*Task*: Below are the entries; give again exactly the lines from the one mentioning "(X - a)^p = X - a, so" through the one mentioning "reduction of c_t", inclusive.

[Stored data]
-----
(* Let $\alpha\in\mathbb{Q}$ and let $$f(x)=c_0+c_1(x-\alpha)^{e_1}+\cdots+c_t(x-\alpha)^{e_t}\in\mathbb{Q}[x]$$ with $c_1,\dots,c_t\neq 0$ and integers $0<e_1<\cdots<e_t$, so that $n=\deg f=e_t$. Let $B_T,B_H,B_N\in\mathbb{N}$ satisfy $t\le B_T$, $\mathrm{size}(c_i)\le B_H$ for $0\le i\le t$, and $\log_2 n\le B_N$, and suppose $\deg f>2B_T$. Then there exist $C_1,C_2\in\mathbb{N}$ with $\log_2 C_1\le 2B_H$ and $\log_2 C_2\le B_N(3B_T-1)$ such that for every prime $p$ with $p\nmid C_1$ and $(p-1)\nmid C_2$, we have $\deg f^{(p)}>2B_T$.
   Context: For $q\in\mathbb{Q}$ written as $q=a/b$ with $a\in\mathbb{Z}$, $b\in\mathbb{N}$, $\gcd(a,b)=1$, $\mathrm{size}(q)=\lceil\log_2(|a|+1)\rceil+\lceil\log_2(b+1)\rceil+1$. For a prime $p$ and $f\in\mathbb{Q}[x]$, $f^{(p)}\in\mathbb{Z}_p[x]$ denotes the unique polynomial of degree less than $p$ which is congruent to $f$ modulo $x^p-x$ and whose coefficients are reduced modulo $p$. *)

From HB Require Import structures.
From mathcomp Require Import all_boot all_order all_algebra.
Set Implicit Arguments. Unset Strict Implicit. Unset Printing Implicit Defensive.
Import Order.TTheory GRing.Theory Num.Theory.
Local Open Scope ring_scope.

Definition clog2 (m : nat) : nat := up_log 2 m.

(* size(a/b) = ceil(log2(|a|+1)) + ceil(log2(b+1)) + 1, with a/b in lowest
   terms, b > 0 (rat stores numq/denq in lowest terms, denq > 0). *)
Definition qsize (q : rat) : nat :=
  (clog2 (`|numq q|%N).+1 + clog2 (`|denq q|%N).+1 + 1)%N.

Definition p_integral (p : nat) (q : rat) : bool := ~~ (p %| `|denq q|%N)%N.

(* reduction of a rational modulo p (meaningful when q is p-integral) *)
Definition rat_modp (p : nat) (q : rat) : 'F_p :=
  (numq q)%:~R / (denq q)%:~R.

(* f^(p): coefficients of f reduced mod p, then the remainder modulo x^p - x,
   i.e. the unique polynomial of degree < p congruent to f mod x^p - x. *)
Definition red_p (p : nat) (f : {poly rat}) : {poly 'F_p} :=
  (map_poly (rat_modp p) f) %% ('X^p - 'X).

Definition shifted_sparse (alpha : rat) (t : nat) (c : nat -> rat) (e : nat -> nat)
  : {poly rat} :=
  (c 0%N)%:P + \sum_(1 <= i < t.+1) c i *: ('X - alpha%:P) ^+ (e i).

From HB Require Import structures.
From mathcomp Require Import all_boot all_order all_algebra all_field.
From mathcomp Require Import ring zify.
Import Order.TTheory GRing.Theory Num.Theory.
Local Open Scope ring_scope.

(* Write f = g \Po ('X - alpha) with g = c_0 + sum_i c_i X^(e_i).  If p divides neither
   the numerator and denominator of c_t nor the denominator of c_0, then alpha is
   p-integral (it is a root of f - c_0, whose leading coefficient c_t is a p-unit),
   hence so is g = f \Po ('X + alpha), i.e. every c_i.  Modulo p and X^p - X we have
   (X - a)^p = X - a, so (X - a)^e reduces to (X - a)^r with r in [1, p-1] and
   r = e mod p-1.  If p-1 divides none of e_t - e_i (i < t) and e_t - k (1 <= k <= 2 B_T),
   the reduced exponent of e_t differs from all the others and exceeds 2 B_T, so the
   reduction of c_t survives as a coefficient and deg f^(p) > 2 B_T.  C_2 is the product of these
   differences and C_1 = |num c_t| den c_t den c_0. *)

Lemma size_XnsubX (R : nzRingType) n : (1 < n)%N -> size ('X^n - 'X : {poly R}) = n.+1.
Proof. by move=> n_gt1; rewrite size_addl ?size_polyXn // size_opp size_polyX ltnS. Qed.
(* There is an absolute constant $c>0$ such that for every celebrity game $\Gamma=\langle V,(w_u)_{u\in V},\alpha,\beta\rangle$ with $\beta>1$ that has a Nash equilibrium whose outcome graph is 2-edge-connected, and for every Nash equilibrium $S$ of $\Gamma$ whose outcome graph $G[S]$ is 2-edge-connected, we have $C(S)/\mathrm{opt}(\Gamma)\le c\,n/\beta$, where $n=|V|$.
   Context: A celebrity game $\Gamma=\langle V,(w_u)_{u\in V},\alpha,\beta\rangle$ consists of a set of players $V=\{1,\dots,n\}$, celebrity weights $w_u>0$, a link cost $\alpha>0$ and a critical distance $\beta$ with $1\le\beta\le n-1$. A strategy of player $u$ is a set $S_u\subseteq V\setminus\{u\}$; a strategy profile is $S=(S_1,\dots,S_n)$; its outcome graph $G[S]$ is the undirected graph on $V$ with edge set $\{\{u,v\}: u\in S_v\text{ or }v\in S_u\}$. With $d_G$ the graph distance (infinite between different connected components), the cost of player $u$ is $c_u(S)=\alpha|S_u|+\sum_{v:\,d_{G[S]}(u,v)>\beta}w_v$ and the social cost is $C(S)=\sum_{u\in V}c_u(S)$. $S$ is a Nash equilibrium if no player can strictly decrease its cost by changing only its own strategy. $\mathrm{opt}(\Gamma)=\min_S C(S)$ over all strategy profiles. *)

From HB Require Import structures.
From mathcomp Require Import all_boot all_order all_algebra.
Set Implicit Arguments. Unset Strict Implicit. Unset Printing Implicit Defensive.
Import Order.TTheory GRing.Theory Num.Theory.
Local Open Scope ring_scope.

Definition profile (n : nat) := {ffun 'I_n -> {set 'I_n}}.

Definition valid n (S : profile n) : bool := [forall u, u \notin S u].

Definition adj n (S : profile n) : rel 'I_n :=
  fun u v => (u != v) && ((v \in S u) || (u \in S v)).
-----
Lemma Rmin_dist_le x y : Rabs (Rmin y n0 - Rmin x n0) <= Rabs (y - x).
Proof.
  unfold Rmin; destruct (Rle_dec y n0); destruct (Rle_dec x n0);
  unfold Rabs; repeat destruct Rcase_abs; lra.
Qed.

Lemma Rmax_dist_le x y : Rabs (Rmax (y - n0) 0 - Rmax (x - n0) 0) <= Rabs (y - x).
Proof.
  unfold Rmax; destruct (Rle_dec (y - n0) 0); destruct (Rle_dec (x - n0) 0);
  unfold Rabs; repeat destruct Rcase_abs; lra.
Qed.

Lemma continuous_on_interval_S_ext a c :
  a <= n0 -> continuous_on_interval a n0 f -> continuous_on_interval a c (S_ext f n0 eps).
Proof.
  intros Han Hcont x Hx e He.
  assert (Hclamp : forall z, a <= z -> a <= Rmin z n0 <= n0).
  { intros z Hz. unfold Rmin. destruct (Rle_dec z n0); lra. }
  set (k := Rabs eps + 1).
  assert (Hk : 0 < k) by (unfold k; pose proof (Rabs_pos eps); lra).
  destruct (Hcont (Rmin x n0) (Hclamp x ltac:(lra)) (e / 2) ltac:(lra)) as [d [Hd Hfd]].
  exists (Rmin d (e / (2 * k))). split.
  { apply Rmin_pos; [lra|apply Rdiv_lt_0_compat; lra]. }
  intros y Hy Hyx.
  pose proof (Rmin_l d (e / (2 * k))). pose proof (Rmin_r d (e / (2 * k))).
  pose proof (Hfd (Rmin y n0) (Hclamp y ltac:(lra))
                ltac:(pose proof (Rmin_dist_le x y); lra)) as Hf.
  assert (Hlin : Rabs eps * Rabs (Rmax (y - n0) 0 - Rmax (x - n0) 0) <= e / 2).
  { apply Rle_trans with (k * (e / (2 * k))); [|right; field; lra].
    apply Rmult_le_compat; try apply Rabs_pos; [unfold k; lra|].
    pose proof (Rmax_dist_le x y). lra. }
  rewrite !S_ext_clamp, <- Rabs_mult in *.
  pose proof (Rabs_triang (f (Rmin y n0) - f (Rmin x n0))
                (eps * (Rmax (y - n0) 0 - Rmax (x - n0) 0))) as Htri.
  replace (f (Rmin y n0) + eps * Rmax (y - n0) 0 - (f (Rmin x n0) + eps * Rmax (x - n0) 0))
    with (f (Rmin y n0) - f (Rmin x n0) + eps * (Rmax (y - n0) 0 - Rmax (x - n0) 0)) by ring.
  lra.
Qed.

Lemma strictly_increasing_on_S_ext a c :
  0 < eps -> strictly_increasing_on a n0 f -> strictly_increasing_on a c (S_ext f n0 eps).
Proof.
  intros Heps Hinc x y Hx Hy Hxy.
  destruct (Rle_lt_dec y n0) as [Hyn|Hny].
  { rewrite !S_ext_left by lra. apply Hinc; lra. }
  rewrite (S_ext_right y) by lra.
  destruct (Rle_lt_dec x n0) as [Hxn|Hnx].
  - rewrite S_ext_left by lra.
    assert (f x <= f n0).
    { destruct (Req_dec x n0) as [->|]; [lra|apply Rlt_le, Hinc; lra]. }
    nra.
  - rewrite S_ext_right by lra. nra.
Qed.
-----
*Reply to the exercise*:
   (X - a)^p = X - a, so (X - a)^e reduces to (X - a)^r with r in [1, p-1] and
   r = e mod p-1.  If p-1 divides none of e_t - e_i (i < t) and e_t - k (1 <= k <= 2 B_T),
   the reduced exponent of e_t differs from all the others and exceeds 2 B_T, so the
   reduction of c_t survives as a coefficient and deg f^(p) > 2 B_T.  C_2 is the product of these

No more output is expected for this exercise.